Unsecured loans are offered at annual interest rates of 8% to 10%, and the platforms are a tempting investment vehicle for people who have been looking for an investment opportunity for their money since the collapse of the stock market bubble in summer 2015. Banks are considered to be safer, but typically only bring 4 to 5% per year.

The online loan market has grown rapidly. In 2015 there were nearly 3,500 peer-to-peer lenders. At the end of 2017, they had more than 1 trillion yuan in outstanding loans.

The tide turned last year after President Xi Jinping’s government decided to curb excess credit, even if it meant slower economic growth. Xi was concerned that ailing companies continued to turn to online lenders in addition to widespread fraud in the industry.

The government ordered banks to scrutinize loans to peer-to-peer lenders, 80% of whom allegedly have not segregated their working capital from funds under management. Since the volume of brokered deals with many lenders is only around 1 billion yuan, a market shakeout is inevitable if the banks tighten their credit checks on them.

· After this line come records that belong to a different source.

Lemma separating_linear_form p q : p != [ffun => 0] -> ~ proportional p q ->
  exists L : S, [/\ L \is 1.-homog, L.@[q] = 0 & L.@[p] != 0].
Proof.
move=> /point_coord_neq0 [i pi] npq.
have [j qpj] : exists j, q j * p i != q i * p j.
  apply: NNPP => H; apply: npq; exists (q i / p i) => j.
  have /eqP E : q j * p i == q i * p j by apply: NNPP => H'; apply: H; exists j; apply/negP.
  by rewrite mulrAC -E mulfK.
exists (q i *: 'X_j - q j *: 'X_i); split; first by rewrite rpredB ?rpredZ ?dhomogXU.
  by rewrite mevalB !mevalZ !mevalXU mulrC subrr.
by rewrite mevalB !mevalZ !mevalXU subr_eq0 eq_sym.
Qed.

Lemma prod_linear_forms (R : S -> Prop) (Z : seq point) :
  R 1 -> (forall L G, R L -> R G -> R (L * G)) ->
  (forall q, q \in Z -> exists L : S, [/\ L \is 1.-homog, L.@[q] = 0 & R L]) ->
  exists G : S, [/\ G \is (size Z).-homog, forall q, q \in Z -> G.@[q] = 0 & R G].
Proof.
move=> R1 RM; elim: Z => [|z Z IH] HL; first by exists 1; rewrite dhomog1.
have [|G [hG GZ RG]] := IH; first by move=> q qZ; apply: HL; rewrite inE qZ orbT.
have [L [hL Lz RL]] := HL z (mem_head _ _).
exists (L * G); split; [by rewrite /= -add1n; apply: dhomogM | | exact: RM].
by move=> q /[!inE] /orP[/eqP-> | /GZ Gq]; rewrite mevalM ?Lz ?Gq ?mul0r ?mulr0.
Qed.

Variable X : seq point.
Local Notation I := (vanishing_ideal X).

Lemma vanishing_ideal_ideal : is_ideal I.
Proof. exact: ideal_gen_ideal. Qed.

Lemma vanishing_ideal_meval g a : I g -> a \in X -> g.@[a] = 0.
Proof.
move=> Ig aX; apply: (ideal_gen_min (kernel_prime (meval a)).1 _ Ig).
by move=> h [_ /(_ a aX)].
Qed.

Lemma vanishing_ideal_homog d g :
  g \is d.-homog -> (forall a, a \in X -> g.@[a] = 0) -> I g.
Proof. by move=> hg g0; apply: ideal_gen_base; split=> //; exists d. Qed.

Lemma vanishing_idealE g :
  I g <-> forall k a, a \in X -> (pihomog mdeg k g).@[a] = 0.
Proof.
split=> [Ig k a aX | Ig].
  move: g Ig; apply: ideal_gen_ind => [|g h Hg Hh|r g [[e he] g0]].
  - by rewrite linear0 meval0.
  - by rewrite linearD mevalD Hg Hh addr0.
  by rewrite (pihomogM_homog _ _ he); case: ifP; rewrite ?meval0 // mevalM g0 ?mulr0.
rewrite (pihomog_partitionE (k := msize g) (mf := mdeg) (leqnn _)).
apply: (ideal_sum vanishing_ideal_ideal).
by move=> k; apply: (@vanishing_ideal_homog k); [exact: pihomogP | exact: Ig].
Qed.

Hypothesis PX : proj_points X.

Lemma homog_indicator p m : p \in X -> (size X <= m)%N ->
  exists g : S, g \is m.-homog /\ forall a, a \in X -> g.@[a] = (a == p)%:R.
Proof.
move: PX => [X0 [Xprop _]] pX Xm; set Z := [seq q <- X | q != p].
have [|||G [hG GZ Gp]] := @prod_linear_forms (fun G => G.@[p] != 0) Z.
- by rewrite meval1 oner_eq0.
- by move=> L G Lp Gp; rewrite mevalM mulf_neq0.
- move=> q /[!mem_filter] /andP[qp qX]; apply: separating_linear_form; first exact: X0.
  by move=> /(Xprop _ _ pX qX) pq; rewrite pq eqxx in qp.
have [i pi] := point_coord_neq0 (X0 p pX).
have Zm : (size Z <= m)%N by rewrite size_filter (leq_trans (count_size _ _) Xm).
exists ((G.@[p] * p i ^+ (m - size Z))^-1 *: (G * 'X_i ^+ (m - size Z))); split.
  have := dhomogMn (m - size Z) (@dhomogXU K _ i); rewrite mul1n => hXi.
  by apply/rpredZ; have := dhomogM hG hXi; rewrite subnKC.
move=> a aX; rewrite mevalZ mevalM rmorphXn /= mevalXU; case: (eqVneq a p) => [-> | ap].
  by rewrite mulVf // mulf_neq0 ?expf_neq0.
by rewrite (GZ a) ?mul0r ?mulr0 // /Z mem_filter ap aX.
Qed.

Lemma homog_interpolation m (v : point -> K) : (size X <= m)%N ->
  exists h : S, h \is m.-homog /\ forall a, a \in X -> h.@[a] = v a.
Proof.
move=> Xm; have [_ [_ uX]] := PX.
suff /(_ X uX (fun _ => id)) [h [hh hv]] : forall Z, uniq Z -> {subset Z <= X} ->
    exists h : S, h \is m.-homog /\
      forall a, a \in X -> h.@[a] = if a \in Z then v a else 0.
  by exists h; split=> // a aX; rewrite hv aX.
elim=> [|z Z IH] uZ ZX; first by exists 0; split=> [|a _]; rewrite ?rpred0 ?meval0.
have [||h [hh hv]] := IH; [by case/andP: uZ | by move=> a aZ; apply/ZX/mem_behead |].
have [g [hg gv]] := homog_indicator (ZX z (mem_head _ _)) Xm.
exists (h + v z *: g); split=> [|a aX]; first by rewrite rpredD ?rpredZ.
rewrite mevalD mevalZ hv // gv // inE; case: (eqVneq a z) => [-> | az] /=.
  by case/andP: uZ => /negbTE-> _; rewrite mulr1 add0r.
by rewrite mulr0 addr0.
Qed.

Lemma homog_indicators m (Z : seq point) : (size X <= m)%N -> {subset Z <= X} ->
  exists b : seq S, [/\ size b = size Z, forall g, g \in b -> g \is m.-homog &
    forall k a, (k < size Z)%N -> a \in X -> (b`_k).@[a] = (a == Z`_k)%:R].
Proof.
move=> Xm; elim: Z => [|z Z IH] ZX; first by exists [::].
have [|b [sb hb bv]] := IH; first by move=> a aZ; apply/ZX/mem_behead.
have [g [hg gv]] := homog_indicator (ZX z (mem_head _ _)) Xm.
exists (g :: b); split=> [|h|[|k] a] /=; first by rewrite sb.
  by rewrite inE => /orP[/eqP-> | /hb].
by move=> _; apply: gv.
by rewrite ltnS; apply: bv.
Qed.

End Points.

Section ZeroSet.
Variables (K : fieldType) (n : nat).
Local Notation S := {mpoly K[n]}.
Local Notation point := {ffun 'I_n -> K}.
Variables (X : seq point) (f : S) (e : nat).
Hypotheses (PX : proj_points X) (hf : f \is e.-homog).
Local Notation I := (vanishing_ideal X).
Local Notation J := (ideal_add I f).
Local Notation V := [seq a : point <- X | f.@[a] == 0].

Lemma colon_vanishing_ideal_neq p : p \in X -> f.@[p] = 0 ->
  ~ (forall h, colon I f h <-> I h).
Proof.
move=> pX fp colonI.
have [g [hg gv]] := homog_indicator PX pX (leqnn _).
suff /vanishing_ideal_meval/(_ pX)/eqP : I g by rewrite gv // eqxx oner_eq0.
apply/colonI/(vanishing_ideal_homog (dhomogM hg hf)) => a aX.
by rewrite mevalM gv //; case: (eqVneq a p) => [-> | _]; rewrite ?fp ?mulr0 ?mul0r.
Qed.

Lemma colon_vanishing_ideal_eq : (forall p, p \in X -> f.@[p] != 0) ->
  forall h, colon I f h <-> I h.
Proof.
move=> f0 h; split=> [/vanishing_idealE hfI | Ih]; last first.
  by rewrite /colon mulrC; apply: idealMl (vanishing_ideal_ideal X) _ _ Ih.
apply/vanishing_idealE => k a aX; have /eqP := hfI (k + e)%N a aX.
rewrite (pihomogM_homog _ _ hf) leq_addl addnK mevalM mulf_eq0 (negbTE (f0 a aX)) orbF.
by move/eqP.
Qed.

Lemma ideal_add_homogP d g : (e + size X <= d)%N -> g \is d.-homog ->
  J g <-> forall a, a \in V -> g.@[a] = 0.
Proof.
move=> Xd hg; split=> [Jg a | g0].
  rewrite mem_filter => /andP[/eqP fa aX]; move: g Jg {hg}.
  apply: (ideal_gen_min (kernel_prime (meval a)).1) => g [Ig | ->] //=.
  exact: vanishing_ideal_meval Ig aX.
have ed : (e <= d)%N := leq_trans (leq_addr _ _) Xd.
have Xde : (size X <= d - e)%N by rewrite leq_subRL.
(* As x / 0 = 0, h * f also agrees with g at the zeros of f, where g vanishes. *)
have [h [hh hv]] := homog_interpolation PX (fun a => g.@[a] / f.@[a]) Xde.
rewrite -[g](subrK (h * f)); apply: (idealD (ideal_gen_ideal _)).
  apply/ideal_gen_base; left; apply: (@vanishing_ideal_homog _ _ _ d).
    by rewrite rpredB //; have := dhomogM hh hf; rewrite subnK.
  move=> a aX; rewrite mevalB mevalM hv //; have [fa | fa] := eqVneq f.@[a] 0.
    by rewrite fa mulr0 subr0; apply: g0; rewrite mem_filter fa eqxx.
  by rewrite divfK // subrr.
by apply: (idealMl (ideal_gen_ideal _)); apply: ideal_gen_base; right.
Qed.

Lemma uniq_zeros : uniq V.
Proof. by apply: filter_uniq; case: PX => _ []. Qed.

Lemma zeros_subset : {subset V <= X}.
Proof. by move=> a; rewrite mem_filter => /andP[]. Qed.

Section Degree.
Variable d : nat.
Hypothesis Xd : (e + size X <= d)%N.
Let sizeX_le_d : (size X <= d)%N := leq_trans (leq_addl _ _) Xd.

Lemma quot_basis_indicators :
  exists b, size b = size V /\ quot_basis (fun g => g \is d.-homog) J b.
Proof.
have [b [sb hb bv]] := homog_indicators PX sizeX_le_d zeros_subset.
have hcomb (c : 'I_(size b) -> K) : \sum_(i < size b) c i *: b`_i \is d.-homog.
  by apply: rpred_sum => i _; apply/rpredZ/hb/mem_nth.
have evalV (c : 'I_(size b) -> K) (j : 'I_(size b)) :
    (\sum_(i < size b) c i *: b`_i).@[V`_j] = c j.
  have jV : (j < size V)%N by rewrite -sb.
  rewrite raddf_sum (bigD1 j) //= big1 => [|i ij];
    rewrite mevalZ bv -?sb ?zeros_subset ?mem_nth //.
    by rewrite eqxx mulr1 addr0.
  by rewrite nth_uniq ?uniq_zeros -?sb // (inj_eq val_inj) eq_sym (negbTE ij) mulr0.
exists b; split=> //; split; [exact: hb | split].
  move=> c /(ideal_add_homogP Xd (hcomb c)) c0 i.
  by rewrite -evalV c0 // mem_nth // -sb.
move=> g hg; exists (fun i => g.@[V`_i]); apply/(ideal_add_homogP Xd).
  by rewrite rpredB ?hcomb.
move=> a aV; have jb : (index a V < size b)%N by rewrite sb index_mem.
by rewrite -(nth_index 0 aV) -[index a V]/(nat_of_ord (Ordinal jb)) mevalB evalV subrr.
Qed.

While some peer-to-peer lenders are pure Ponzi schemes, a sizable number collapsed in 2018 due to a liquidity crisis. Until the middle of last year, Modai was expected to first repay investors before liquidating itself.

The number of peer-to-peer lenders in China has fallen two-thirds from its peak, while the loan balance has fallen below 800 billion yuan. There are around 10 major peer-to-peer lenders listed inside or outside China, and consolidation, led by companies like Weidai, Yirendai and the PPDAI Group, is likely to accelerate.

Regulators have pushed for market shakeout to discipline the industry after multiple lenders escaped with tens of billion yuan in investor money in 2016 and 2017. However, analysts say the hasty pace of consolidation has hurt the economy.

Cautious investors are moving away from the stock market. The closely watched Shanghai Composite Index fell to its lowest level in more than four years in early January and has yet to rally sharply despite the government’s aggressive stimulus measures.

At a time when China faces a slowing economy and a trade war with the US, the side effects of the government’s approach to peer-to-peer lending could persist.